Clean coal technology moves toward power plant integration
Powered by $7.5 million in federal and state funding, chemical engineering researchers are advancing their iron-based coal direct chemical looping (CDCL) technology closer to commercialization.
Liang-Shih Fan, distinguished professor of chemical and biomolecular engineering and director of Ohio State’s Clean Energy Research Laboratory, pioneered the CDCL technology, which chemically harnesses coal’s energy and efficiently captures the carbon dioxide produced before it can be released into the atmosphere. His research team recently began two new projects co-funded by the Department of Energy’s National Energy Technology Laboratory and the Ohio Development Services Agency.
One of the projects is focused on completing the front-end engineering design of a 10 MWe (megawatts electric) CDCL large pilot plant. The Ohio State research team has successfully demonstrated a 25 kWth (kilowatts thermal) sub-pilot CDCL process for more than 1,000 hours of operation, testing a wide range of solid fuels from anthracite coals to lignite and biomass. One MWe can power approximately 750 homes.
Babcock & Wilcox Company, Inc. (B&W) is leading the commercial design effort for this novel technology. Research and testing of a 250 kWth CDCL small pilot unit are ongoing at the B&W Research Center in Barberton, Ohio, and at Ohio State’s labs.
In a chemical-looping system, a metal oxide, such as iron oxide, provides the oxygen for combustion. The metal oxide reacts with the fuel in the reducer, donating its oxygen to produce a highly concentrated stream of carbon dioxide. The reduced metal cycles to an oxidation chamber, the combustor, where the metal oxide is regenerated by contact with air. The metal oxide is then reintroduced into the reducer, thus completing the loop. The oxygen carrier oxidation reaction releases a large amount of heat for steam production. The produced steam is sent to a steam turbine for electricity generation.
“In the simplest sense, combustion is a chemical reaction that consumes oxygen from air and produces heat,” Fan said. “We found a way to release the heat and easily contain the carbon dioxide produced. We carefully control the chemical reaction so that the coal is consumed chemically, and the carbon dioxide is inherently produced as a concentrated gas that can be directly stored and/or utilized.”
The design of the 10 MWe large pilot plant will incorporate advanced combustion and control features that have been verified through performance testing on the 25 kWth sub-pilot unit at Ohio State and further testing in a 250 kWth pilot at B&W currently in operation.
“The reason we’ve been so successful is how simple and effective our reactor system design really is compared to other groups working with chemical looping,” said Research Assistant Professor Andrew Tong.
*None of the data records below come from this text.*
(* Let $G$, $k\ge 3$, the choice strings $c_{i,j}$ ($1\le i<j\le k$), the $\binom{k}{2}-(k-1)$ template strings, $L$ and $d$ be as in the Consensus Patterns construction in the context. If $G$ has a clique of size $k$, then the constructed Consensus Patterns instance has a solution: there is a string $s\in\{0,1\}^L$ and, for each choice string and each template string, a substring of it of length $L$, such that the sum over all these strings of the Hamming distances between $s$ and the chosen substrings is at most $d$.
   Context: Let $G=(V,E)$ be an undirected simple graph with $V=\{v_1,\dots,v_n\}$ and edge set $E=\{e_1,\dots,e_m\}$, and let $k\ge 3$ be an integer. All strings are over $\{0,1\}$. For $1\le p\le n$ let $\mathrm{number}(p)=0^{p-1}10^{n-p}$. Let $\mathrm{front\_tag}=(1^{nk^3}0)^{nk^3}0^{nk^3}$ (length $n^2k^6+2nk^3$). For $1\le i<j\le k$ and an edge $e$ joining $v_r,v_s$ with $r<s$ let $\mathrm{encode}(i,j,e)=(0^n)^{i-1}\,\mathrm{number}(r)\,(0^n)^{j-i-1}\,\mathrm{number}(s)\,(0^n)^{k-j}$ and $\mathrm{block}(i,j,e)=\mathrm{front\_tag}\,\mathrm{encode}(i,j,e)$. The choice string is $c_{i,j}=\mathrm{block}(i,j,e_1)\cdots\mathrm{block}(i,j,e_m)$. There are $\binom{k}{2}-(k-1)$ template strings, each equal to $\mathrm{front\_tag}\,1^{nk}$. Set $L=n^2k^6+2nk^3+nk$ and $d=(\binom{k}{2}-(k-1))nk$. The Consensus Patterns instance consists of all choice strings and all template strings with these $L$ and $d$. Consensus Patterns asks for a string $s$ of length $L$ and a length-$L$ substring of each input string such that the sum of Hamming distances from $s$ to these substrings is at most $d$. *)

From mathcomp Require Import all_boot.
Set Implicit Arguments. Unset Strict Implicit. Unset Printing Implicit Defensive.

(* Binary strings are [seq bool] (true = 1, false = 0). *)

Definition front_tag (n k : nat) : seq bool :=
  let N := n * k ^ 3 in
  flatten (nseq N (nseq N true ++ [:: false])) ++ nseq N false.

(* number(p) = 0^{p-1} 1 0^{n-p}, for 1 <= p <= n *)
Definition number (n p : nat) : seq bool :=
  nseq p.-1 false ++ true :: nseq (n - p) false.

Definition zblock (n c : nat) : seq bool := flatten (nseq c (nseq n false)).

(* encode(i,j,e) for e = {v_r, v_s}, r < s (1-based indices) *)
Definition encode (n k i j r s : nat) : seq bool :=
  zblock n i.-1 ++ number n r ++ zblock n (j - i - 1) ++ number n s
    ++ zblock n (k - j).

(* Vertices are 'I_n; vertex v : 'I_n is v_{v+1}. *)
Definition block (n k i j : nat) (e : 'I_n * 'I_n) : seq bool :=
  front_tag n k ++ encode n k i j (val e.1).+1 (val e.2).+1.

Definition choice_string (n k i j : nat) (E : seq ('I_n * 'I_n)) : seq bool :=
  flatten [seq block k i j e | e <- E].

Definition template_string (n k : nat) : seq bool :=
  front_tag n k ++ nseq (n * k) true.

Definition CP_L (n k : nat) : nat := n ^ 2 * k ^ 6 + 2 * n * k ^ 3 + n * k.
Definition CP_d (n k : nat) : nat := ('C(k, 2) - (k - 1)) * n * k.

(* all pairs 1 <= i < j <= k *)
Definition choice_pairs (k : nat) : seq (nat * nat) :=
  [seq (i, j) | i <- iota 1 k, j <- iota i.+1 (k - i)].

Definition CP_instance (n k : nat) (E : seq ('I_n * 'I_n)) : seq (seq bool) :=
  [seq choice_string k p.1 p.2 E | p <- choice_pairs k]
    ++ nseq ('C(k, 2) - (k - 1)) (template_string n k).

Definition hamming (s t : seq bool) : nat :=
  count id [seq p.1 != p.2 | p <- zip s t].

Definition CP_solvable (inst : seq (seq bool)) (L d : nat) : Prop :=
  exists s : seq bool, size s = L /\
  exists pos : nat -> nat,
    (forall x, x < size inst -> pos x + L <= size (nth [::] inst x)) /\
    \sum_(x < size inst) hamming s (take L (drop (pos x) (nth [::] inst x)))
      <= d.

Definition edge_enum (n : nat) (G : rel 'I_n) (E : seq ('I_n * 'I_n)) : Prop :=
  uniq E /\ forall u v : 'I_n, ((u, v) \in E) = (u < v) && G u v.

Definition has_clique (n : nat) (G : rel 'I_n) (k : nat) : Prop :=
  exists K : {set 'I_n}, #|K| = k /\ {in K &, forall u v, u != v -> G u v}.

From Pilot Require Import Defs.
From mathcomp Require Import all_boot zify.
Set Implicit Arguments. Unset Strict Implicit. Unset Printing Implicit Defensive.

(* List the clique increasingly as u_1 < ... < u_k and take as consensus the
   front tag followed by number(u_1) ... number(u_k).  In c_{i,j} choose the
   block of the edge u_i u_j: it agrees with the consensus except in the k - 2
   number slots other than i and j, which are zero there, so it costs k - 2.
   A template string is matched in full and costs nk - k.  As
   2 C(k,2) = k(k-1), the total C(k,2)(k-2) + (C(k,2)-(k-1))(nk-k) is exactly d. *)

Lemma hamming_cat s1 s2 t1 t2 : size s1 = size t1 ->
  hamming (s1 ++ s2) (t1 ++ t2) = hamming s1 t1 + hamming s2 t2.
Proof. by move=> eq_sz; rewrite /hamming zip_cat // map_cat count_cat. Qed.

Lemma hamming_id s : hamming s s = 0.
Proof. by elim: s => //= b s IHs; rewrite /hamming /= eqxx. Qed.

Lemma hamming_nseq_false s : hamming s (nseq (size s) false) = count id s.
Proof. by elim: s => //= b s IHs; rewrite /hamming /= -/(hamming _ _) IHs; case: b. Qed.

Lemma hamming_nseq_true s : hamming s (nseq (size s) true) = size s - count id s.
Proof.
elim: s => //= b s IHs; rewrite /hamming /= -/(hamming _ _) IHs.
by case: b; rewrite /= ?subSS // add1n subSn // count_size.
Qed.

Lemma size_flatten_uniform T L (bs : seq (seq T)) :
  all (fun b => size b == L) bs -> size (flatten bs) = size bs * L.
Proof. by elim: bs => //= b bs IHbs /andP[/eqP sz_b /IHbs]; rewrite size_cat sz_b => ->. Qed.

Lemma take_drop_flatten_uniform T L (bs : seq (seq T)) m :
  all (fun b => size b == L) bs -> m < size bs ->
  take L (drop (m * L) (flatten bs)) = nth [::] bs m.
Proof.
elim: bs m => [|b bs IHbs] [|m] //= /andP[/eqP sz_b all_bs] lt_m.
  by rewrite drop0 -sz_b take_size_cat.
by rewrite drop_cat sz_b mulSn ltnNge leq_addr /= addKn IHbs.
Qed.

Definition near_window (s t : seq bool) (c : nat) : bool :=
  (size s <= size t) &&
  has (fun p => hamming s (take (size s) (drop p t)) <= c) (iota 0 (size t - size s).+1).

Lemma near_window_at s t c p : p + size s <= size t ->
  hamming s (take (size s) (drop p t)) <= c -> near_window s t c.
Proof.
move=> fit near; have le_st := leq_trans (leq_addl p _) fit.
rewrite /near_window le_st; apply/hasP; exists p => //.
by rewrite mem_iota ltnS leq_subRL // addnC.
Qed.

Lemma near_window_flatten s (bs : seq (seq bool)) b c :
  all (fun b => size b == size s) bs -> b \in bs -> hamming s b <= c ->
  near_window s (flatten bs) c.
Proof.
move=> uniform b_in near; have lt_b := b_in; rewrite -index_mem in lt_b.
apply: (@near_window_at _ _ _ (index b bs * size s)).
  by rewrite (size_flatten_uniform uniform) -mulSnr leq_mul2r lt_b orbT.
by rewrite take_drop_flatten_uniform // nth_index.
Qed.

Lemma CP_solvable_near s d (tc : seq (seq bool * nat)) :
  all (fun tc => near_window s tc.1 tc.2) tc -> sumn (map snd tc) <= d ->
  CP_solvable (map fst tc) (size s) d.
Proof.
move=> /allP near_tc cost_d; exists s; split=> //.
pose fit (t : seq bool) (c p : nat) := hamming s (take (size s) (drop p t)) <= c.
pose pos x := let: (t, c) := nth ([::], 0) tc x in
  find (fit t c) (iota 0 (size t - size s).+1).
have posP x : x < size tc -> let: (t, c) := nth ([::], 0) tc x in
    pos x + size s <= size t /\ fit t c (pos x).
  move=> lt_x; rewrite /pos; case: (nth _ _ _) (near_tc _ (mem_nth ([::], 0) lt_x)) => t c.
  case/andP=> le_st has_fit.
  have lt_find : find (fit t c) (iota 0 (size t - size s).+1) < (size t - size s).+1.
    by rewrite -[X in _ < X](size_iota 0) -has_find.
  have := nth_find 0 has_fit; rewrite nth_iota // add0n => fit_find; split=> //.
  by move: lt_find; rewrite ltnS leq_subRL // addnC.
exists pos; split.
  move=> x; rewrite size_map => lt_x; rewrite (nth_map ([::], 0)) //.
  by have := posP x lt_x; case: (nth _ _ _) => t c [].
apply: leq_trans cost_d; rewrite size_map sumnE big_map (big_nth ([::], 0)) big_mkord.
apply: leq_sum => x _; rewrite (nth_map ([::], 0)) //.
by have := posP x (ltn_ord x); case: (nth _ _ _) => t c [].
Qed.

Lemma size_front_tag n k :
  size (front_tag n k) = n * k ^ 3 * (n * k ^ 3) + 2 * (n * k ^ 3).
Proof.
rewrite /front_tag size_cat size_flatten size_nseq /shape map_nseq sumn_nseq.
by rewrite size_cat !size_nseq mulnDl mul1n; lia.
Qed.

Lemma zblockE n c : zblock n c = nseq (c * n) false.
Proof. by elim: c => //= c IHc; rewrite /zblock /= -/(zblock n c) IHc mulSn nseqD. Qed.

Lemma size_number n p : 0 < p <= n -> size (Defs.number n p) = n.
Proof. by move=> /andP[p_gt0 le_pn]; rewrite size_cat /= !size_nseq; lia. Qed.

Lemma count_number n p : count id (Defs.number n p) = 1.
Proof. by rewrite count_cat /= !count_nseq !mul0n. Qed.

Definition vertex_code n (u : seq 'I_n) : seq bool :=
  flatten [seq Defs.number n (val x).+1 | x <- u].

Lemma vertex_code_cons n (x : 'I_n) u :
  vertex_code (x :: u) = Defs.number n (val x).+1 ++ vertex_code u.
Proof. by []. Qed.

Lemma vertex_code_cat n (u v : seq 'I_n) :
  vertex_code (u ++ v) = vertex_code u ++ vertex_code v.
Proof. by rewrite /vertex_code map_cat flatten_cat. Qed.

Lemma size_vertex_code n (u : seq 'I_n) : size (vertex_code u) = size u * n.
Proof.
elim: u => //= x u IHu; rewrite vertex_code_cons size_cat IHu size_number //.
by rewrite ltn_ord.
Qed.

Lemma count_vertex_code n (u : seq 'I_n) : count id (vertex_code u) = size u.
Proof. by elim: u => //= x u IHu; rewrite vertex_code_cons count_cat IHu count_number. Qed.

Lemma hamming_vertex_code_zblock n (u : seq 'I_n) :
  hamming (vertex_code u) (zblock n (size u)) = size u.
Proof. by rewrite zblockE -size_vertex_code hamming_nseq_false count_vertex_code. Qed.

Lemma cat_take_nth2_drop T (x0 : T) (u : seq T) a b : a < b < size u ->
  u = take a u ++ nth x0 u a :: take (b - a.+1) (drop a.+1 u) ++ nth x0 u b :: drop b.+1 u.
Proof.
case/andP=> lt_ab lt_b; rewrite -{1}(cat_take_drop a u) (drop_nth x0); last lia.
rewrite -{1}(cat_take_drop (b - a.+1) (drop a.+1 u)) drop_drop subnK //.
by rewrite (drop_nth x0 lt_b).
Qed.

Lemma hamming_vertex_code_encode n (u : seq 'I_n) x0 a b : a < b < size u ->
  hamming (vertex_code u)
    (encode n (size u) a.+1 b.+1 (val (nth x0 u a)).+1 (val (nth x0 u b)).+1)
  = (size u).-2.
Proof.
move=> lt_abu; have /andP[lt_ab lt_bu] := lt_abu.
rewrite {1}(cat_take_nth2_drop x0 lt_abu).
set u1 := take a u; set u2 := take _ _; set u3 := drop b.+1 u.
have [sz1 sz2 sz3] : [/\ size u1 = a, size u2 = b - a.+1 & size u3 = size u - b.+1].
  by rewrite size_drop !size_takel ?size_drop //; lia.
have -> : encode n (size u) a.+1 b.+1 (val (nth x0 u a)).+1 (val (nth x0 u b)).+1 =
    zblock n (size u1) ++ Defs.number n (val (nth x0 u a)).+1 ++ zblock n (size u2)
    ++ Defs.number n (val (nth x0 u b)).+1 ++ zblock n (size u3).
  by rewrite /encode sz1 sz2 sz3 subn1 subSS -subnS.
have size_number_ord (x : 'I_n) : size (Defs.number n (val x).+1) = n.
  by rewrite size_number // ltn_ord.
rewrite !(vertex_code_cat, vertex_code_cons).
rewrite !hamming_cat ?size_number_ord ?zblockE ?size_nseq ?size_vertex_code //.
rewrite -!zblockE !hamming_vertex_code_zblock !hamming_id; lia.
Qed.

Lemma size_choice_pairs k : size (choice_pairs k) = 'C(k, 2).
Proof.
rewrite size_allpairs_dep -bin2_sum big_nat_rev sumnE big_map.
rewrite -[1]addn0 iotaDl big_map /index_iota subn0.
by apply: eq_bigr => i _; rewrite size_iota; lia.
Qed.

Lemma mem_choice_pairs k p : p \in choice_pairs k ->
  exists a b, [/\ p = (a.+1, b.+1), a < b & b < k].
Proof.
case/allpairsPdep=> i [j [+ + ->]]; rewrite !mem_iota => /andP[i_gt0 lt_ik] /andP[lt_ij lt_jk].
by exists i.-1, j.-1; split; [rewrite !prednK //; lia | lia | lia].
Qed.

Lemma clique_pairwise_edges n (G : rel 'I_n) E k : edge_enum G E -> has_clique G k ->
  exists u : seq 'I_n, size u = k /\ pairwise (fun x y => (x, y) \in E) u.
Proof.
case=> _ memE [K [card_K clique_K]]; exists (enum K); split; first by rewrite -cardE.
have sorted_K : sorted (fun x y : 'I_n => x < y) (enum K).
  rewrite /enum_mem -enumT sorted_filter //; first exact: ltn_trans.
  by have := iota_ltn_sorted 0 n; rewrite -val_enum_ord sorted_map.
rewrite sorted_pairwise in sorted_K; last exact: ltn_trans.
apply: (@sub_in_pairwise _ [in K]) sorted_K; last by apply/allP => x; rewrite mem_enum.
move=> x y x_K y_K lt_xy; rewrite memE lt_xy clique_K //.
by rewrite neq_ltn lt_xy.
Qed.

Lemma bin2_mul2 k : 'C(k, 2) * 2 = k * (k - 1).
Proof.
elim: k => // k IHk; rewrite binS bin1 mulnDl IHk subn1 /=.
by case: k {IHk} => //= k; nia.
Qed.

Lemma total_cost_eq_CP_d n k : 0 < n ->
  k.-2 * 'C(k, 2) + (n * k - k) * ('C(k, 2) - (k - 1)) = CP_d n k.
Proof.
rewrite /CP_d; case: n => // n _.
case: k => [|[|k]]; try by rewrite bin_small // !(mul0n, muln0, sub0n).
have := bin2_mul2 k.+2; rewrite subSS subn0.
set c := 'C(_, _) => c2.
have [t c_eq] : exists t, c = t + k.+1 by exists (c - k.+1); lia.
rewrite c_eq addnK in c2 *; nia.
Qed.

Definition consensus n (u : seq 'I_n) : seq bool := front_tag n (size u) ++ vertex_code u.

Lemma size_consensus n (u : seq 'I_n) : size (consensus u) = CP_L n (size u).
Proof. by rewrite size_cat size_front_tag size_vertex_code /CP_L; nia. Qed.

Lemma size_encode n k i j r s : 0 < i < j -> j <= k -> 0 < r <= n -> 0 < s <= n ->
  size (encode n k i j r s) = n * k.
Proof.
move=> /andP[i_gt0 lt_ij] le_jk r_in s_in.
rewrite /encode !zblockE /Defs.number !size_cat /= !size_nseq; nia.
Qed.

Lemma size_block n k i j (e : 'I_n * 'I_n) : 0 < i < j -> j <= k ->
  size (block k i j e) = CP_L n k.
Proof.
move=> lt_ij le_jk; rewrite size_cat size_front_tag size_encode ?ltn_ord // /CP_L.
nia.
Qed.

Lemma near_window_template n (u : seq 'I_n) :
  near_window (consensus u) (template_string n (size u)) (n * size u - size u).
Proof.
have size_template : size (template_string n (size u)) = size (consensus u).
  by rewrite size_cat size_nseq size_front_tag size_consensus /CP_L; nia.
apply: (near_window_at (p := 0)); rewrite ?size_template // drop0 -size_template take_size.
rewrite hamming_cat // hamming_id mulnC -size_vertex_code hamming_nseq_true.
by rewrite count_vertex_code size_vertex_code.
Qed.

Lemma near_window_choice_string n (E : seq ('I_n * 'I_n)) (u : seq 'I_n) p :
  pairwise (fun x y => (x, y) \in E) u -> p \in choice_pairs (size u) ->
  near_window (consensus u) (choice_string (size u) p.1 p.2 E) (size u).-2.
Proof.
move=> u_edges /mem_choice_pairs[a [b [-> lt_ab lt_bu]]] /=.
have x0 : 'I_n by move: lt_bu; case: (u) => // x _ _; exact: x.
have e_in : (nth x0 u a, nth x0 u b) \in E.
  by move/(pairwiseP x0): u_edges; apply; rewrite ?inE // (ltn_trans lt_ab).
apply: (near_window_flatten (b := block (size u) a.+1 b.+1 (nth x0 u a, nth x0 u b))).
- by apply/allP => _ /mapP[e _ ->]; rewrite size_block ?size_consensus.
- exact: map_f.
rewrite /block /consensus hamming_cat // hamming_id add0n.
by rewrite hamming_vertex_code_encode ?lt_ab.
Qed.

Theorem proposition5 (n k : nat) (G : rel 'I_n) (E : seq ('I_n * 'I_n)) :
  symmetric G -> irreflexive G -> 3 <= k -> edge_enum G E ->
  has_clique G k ->
  CP_solvable (CP_instance k E) (CP_L n k) (CP_d n k).
Proof.
move=> _ _ k_ge3 E_enum G_clique.
have [u [size_u u_edges]] := clique_pairwise_edges E_enum G_clique; subst k.
have n_gt0 : 0 < n.
  by move: k_ge3; case: (u) => // x _ _; exact: leq_trans (ltn0Sn x) (ltn_ord x).
pose choice_costs := [seq (choice_string (size u) p.1 p.2 E, (size u).-2)
  | p <- choice_pairs (size u)].
pose template_costs := nseq ('C(size u, 2) - (size u - 1))
  (template_string n (size u), n * size u - size u).
have -> : CP_instance (size u) E = map fst (choice_costs ++ template_costs).
  by rewrite map_cat -map_comp map_nseq.
rewrite -size_consensus; apply: CP_solvable_near.
  rewrite all_cat all_map all_nseq near_window_template orbT andbT.
  by apply/allP => p; apply: near_window_choice_string.
rewrite map_cat sumn_cat -map_comp map_nseq sumn_nseq sumnE big_map big_const_seq.
by rewrite count_predT iter_addn_0 size_choice_pairs /= total_cost_eq_CP_d.
Qed.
Tong is the principal investigator on the team’s second project receiving funding, aimed at improving the heat exchanger network design and optimizing the process efficiency for the CDCL technology. This project also entails dynamic modeling of the 10 MWe CDCL process, which will directly influence the eventual design and operation control of the large pilot plant. B&W is a sub-awardee of this project as well.
“Researchers here at Ohio State are working to scale up the technology, looking at how we can use and size the different reactor components and systems, and understanding the reaction kinetics of materials and hydrodynamics of the flow in each,” explained Tong. “B&W’s role will be to come up with the detailed designs of the reactors, heat exchangers, and interconnected components for power plant-wide integration.”
Projects funded by DOE’s Advanced Combustion Systems Program—including those at Ohio State—are focused on driving down costs and collecting engineering data for scale-up of advanced coal-based power systems. The program’s goal is to develop technologies that capture greater than 90 percent of the CO2 without the need for post-combustion capture systems. According to Tong, Ohio State’s CDCL system is achieving a 96.5 percent capture rate.
“For utility companies, the primary benefit of our CDCL technology is regulation compliance in a very efficient manner,” said Tong. “For the benefit of us all, it reduces greenhouse gas emissions from power plants.”
Industry partners involved in one or both projects include Particulate Solid Research, Inc. (PSRI), Johnson Matthey Company, Electric Power Research Institute (EPRI), Clear Skies Consulting and Nexant. Dover (Ohio) Light & Power is also a partner and a possible test site host for the 10MWelarge pilot plant.
Tong added that if all goes well, the 10 MWe power plant could be in development by 2020.